Bernie Sanders está de volta para mais uma corrida à Casa Branca, mas esta campanha promete ser muito diferente da de 2016, que tornou o senador do Vermont numa força política nacional dos Estados Unidos. 

Nesta campanha, Sanders, que anunciou a candidatura na terça-feira, vai ter que lutar muito para se evidenciar numa multidão de candidatos progressistas que cavalgam os temas que o senador introduziu no debate político do Partido Democrático há quatro anos.

Aos 77 anos, Sanders também vai ser confrontado com a sua idade e relevância num partido onde as novas vozes e a diversidade ganham cada vez mais terreno.

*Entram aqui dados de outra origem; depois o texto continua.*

(* Let $m$ be even, $\Omega\subseteq\mathbb R^m$ open, and let $F\in\mathcal C^3(\Omega)$ take values in the $(m/2)$-vectors of $\mathbb R_{0,m}$. Then $F$ is inframonogenic in $\Omega$ if and only if both $F$ and $F(\underline x)\underline x$ are left $3$-monogenic in $\Omega$ (i.e. $\partial_{\underline x}^3F=0$ and $\partial_{\underline x}^3(F\underline x)=0$), and this holds if and only if both $F$ and $\underline xF(\underline x)$ are right $3$-monogenic in $\Omega$ (i.e. $F\partial_{\underline x}^3=0$ and $(\underline xF)\partial_{\underline x}^3=0$).
   Context: $\mathbb R_{0,m}$ is the $2^m$-dimensional real Clifford algebra generated by the orthonormal basis $e_1,\dots,e_m$ of $\mathbb R^m$ with relations $e_je_k+e_ke_j=-2\delta_{jk}$; it has basis $e_A=e_{j_1}\cdots e_{j_k}$, $A=\{j_1<\dots<j_k\}$, and the $k$-vectors are $\sum_{|A|=k}a_Ae_A$, $a_A\in\mathbb R$. A point of $\mathbb R^m$ is identified with $\underline x=\sum_j x_je_j$. The Dirac operator $\partial_{\underline x}=\sum_j e_j\partial_{x_j}$ acts from the left, $\partial_{\underline x}f=\sum_j e_j\partial_{x_j}f$, or from the right, $f\partial_{\underline x}=\sum_j(\partial_{x_j}f)e_j$; powers denote iterated application on the same side. $f\in\mathcal C^2$ is inframonogenic if $\partial_{\underline x}f\partial_{\underline x}=\sum_{i,j}e_i(\partial_{x_i}\partial_{x_j}f)e_j=0$. *)

From Stdlib Require Import Reals ClassicalEpsilon.
From mathcomp Require Import all_boot.
Set Implicit Arguments. Unset Strict Implicit. Unset Printing Implicit Defensive.

Local Open Scope R_scope.

Definition pt (m : nat) := 'I_m -> R.

(* Elements of the Clifford algebra R_{0,m}: coefficient a_A of each basis
   blade e_A, A a subset of {1..m} (here {set 'I_m}). *)
Definition Cl (m : nat) := {set 'I_m} -> R.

Muitos dos seus apoiantes continuam do seu lado — nas 24 horas que se seguiram ao anúncio, o candidato angariou 5,9 milhões de dólares para a campanha, doados por mais de 220 mil pessoas —, mas outros estão à espera para ver como se compõe o campo democrático que nas eleições de Novembro de 2020 quer desafiar o Presidente eleito pelo Partido Republicano, Donald Trump.

“2020 não é 2016. Ele já teve a sua oportunidade e em 2020 pode não voltar a tê-la”, disse Ron Abramson, um advogado do New Hampshire (o estado onde se inauguram as primárias dos partidos em que são escolhidos os candidatos às presidenciais). Em 2016, Abramson foi delegado à Convenção do Partido Democrata pelo campo de Sanders, mas agora está relutante em voltar a apoiá-lo.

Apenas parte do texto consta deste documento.